Today, we will explore an application that requires high levels of hardware specs to host and highest level of performance, It’s SAP HANA.
SAP HANA is one of the most powerful Data Processing software in the world. It’s an in-memory, column-oriented, relational database management system developed and marketed by SAP SE. SAP HANA was supported on vSphere 5.1 for non-production environment and became supported for production in Q2 2014 on vSphere 5.5.
Best practices here are gathered from few sources found that are mentioned in References section below. I’ll follow the same schema of my previous posts and relate these best practices to our five Design Qualifiers (AMPRS – Availability, Manageability, Performance, Recoverability and Security) in addition to Scalability.
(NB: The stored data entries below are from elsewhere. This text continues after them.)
(* Hoelder's inequality for [l] and [1 - l], obtained by integrating the
   pointwise [expR_convex_scaled]. *)
Lemma cgf_convex : (forall t, 0 <= t -> ('M_P X t < +oo)%E) ->
  forall a b l, 0 <= a -> 0 <= b -> 0 <= l <= 1 ->
  cgf P X (l * a + (1 - l) * b) <= l * cgf P X a + (1 - l) * cgf P X b.
Proof.
move=> Mfin a b l a0 b0 l01; have /andP[l0 l1] := l01.
have [A A0 MA] := mgf_fin_gt0 (Mfin _ a0).
have [B B0 MB] := mgf_fin_gt0 (Mfin _ b0).
have m0 : 0 <= l * a + (1 - l) * b by rewrite addr_ge0 ?mulr_ge0 //; lra.
have [M M0 MM] := mgf_fin_gt0 (Mfin _ m0).
pose C := expR (l * ln A + (1 - l) * ln B).
have C0 : 0 < C by exact: expR_gt0.
have := @mgf_le_combination (l * a + (1 - l) * b) a b (C * l / A) (C * (1 - l) / B).
rewrite MA MB MM -!EFinM -EFinD lee_fin.
have -> : C * l / A * A + C * (1 - l) / B * B = C by field; rewrite !gt_eqF.
move=> MC; rewrite /cgf MA MB MM /= -[_ + _]expRK ler_ln ?posrE //.
apply: MC; rewrite ?divr_ge0 ?mulr_ge0 ?(ltW A0) ?(ltW B0) ?(ltW C0) //; try lra.
move=> x; have -> : (l * a + (1 - l) * b) * X x = l * (a * X x) + (1 - l) * (b * X x).
  by ring.
by apply: le_trans (expR_convex_scaled _ _ A0 B0 l01) _; rewrite mulrDr !mulrA.
Qed.

End cumulant.

Theorem proposition4p1 (d : measure_display) (T : measurableType d)
  (R : realType) (P : probability T R) (X : {RV P >-> R}) (sigma0 : R) :
  ('E_P[X] = 0)%E ->
  ('V_P[X] = 1)%E ->
  0 < sigma0 ->
  (forall t : R, - sigma0 <= t -> ('M_P X t < +oo)%E) ->
  (* (i) *)
  ((forall eps : R, 0 < eps ->
      (ereal_sup [set (cgf P X t / (t ^+ 2 / 2))%:E
                  | t in `[eps, +oo[%classic] < 1)%E)
   <->
   (forall eps : R, 0 < eps ->
      (1 < ereal_inf [set (rate P X s * (s ^+ 2 / 2)^-1%:E)%E
                      | s in `[eps, +oo[%classic])%E))
  /\
  (* (ii) *)
  (forall (q : nat) (kappa : R), (3 <= q)%N -> 0 < kappa ->
     (forall e : R, 0 < e -> exists2 delta : R, 0 < delta &
        forall t : R, 0 < t < delta ->
          `| cgf P X t - (t ^+ 2 / 2 - kappa * t ^+ q) | <= e * t ^+ q)
     <->
     (forall e : R, 0 < e -> exists2 delta : R, 0 < delta &
        forall s : R, 0 < s < delta ->
          (`| rate P X s - (s ^+ 2 / 2 + kappa * s ^+ q)%:E | <=
             (e * s ^+ q)%:E)%E)).
Proof.
move=> _ _ sigma0_gt0 Mfin.
have Mfin_nonneg t : 0 <= t -> ('M_P X t < +oo)%E.
  by move=> t0; apply: Mfin; apply: le_trans t0; rewrite oppr_le0 ltW.
have f0 := cgf0 X.
have f_convex := cgf_convex Mfin_nonneg.
split; first exact: sub_quadratic_iff_legendre_super_quadratic f0 f_convex.
move=> q kappa q3 kappa0; split.
- exact: legendre_expansion_of_expansion.
- exact: expansion_of_legendre_expansion.
Qed.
1-) Leverage vMotion with your SAP HANA VMs. Make sure that destination host has the required resources to run migrated VMs.
2-) Make sure to enable DRS in Fully Automated Mode on the cluster hosting SAP HANA VMs. SAP HANA support migration of its VMs using vMotion.
3-) Use DRS Anti-affinity rules for separating SAP HANA VMs apart and use VM-Host Should Affinity rules to keep SAP HANA VMs on their certified ESXi Hosts only.
4-) Make sure to add the automatic SAP HANA start parameter to the SAP HANA configuration file to enable SAP HANA automatic restart after reboot in case of HA event.
5-) Try to leverage VM Monitoring to mitigate the risk of Guest OS failure. VMware Tools inside Oracle VMs will send heartbeats to HA driver on the host. If it’s stopped because Guest OS failure, the host will monitor IO and network activity of the VM for certain period. If there’s also no activity, the host will restart the VM. This add additional layer of availability for SAP HANA VMs. For more information, check this: vSphere HA VM Monitoring – Back to Basics | VMware vSphere Blog – VMware Blogs.
6-) Try to leverage Symantec Application HA Agent for SAP HANA VMs with vSphere HA for max. availability. Using Application HA, the monitoring agent will monitor SAP HANA instance and its services, sending heartbeats to HA driver on ESXi host. In case of application failure, it may restart services and any dependent resources. If Application HA Agent can’t recover the application from that failure, it’ll stop sending heartbeats and the host will initiate a VM restart as a HA action. This adds another layer of availability to your SAP HANA instances. For more informations, check this pdf from VMware.
1-) Follow all VMware best practices for Latency-Sensitive Applications in this pdf: Tuning Latency-Sensitive Workloads on vSphere.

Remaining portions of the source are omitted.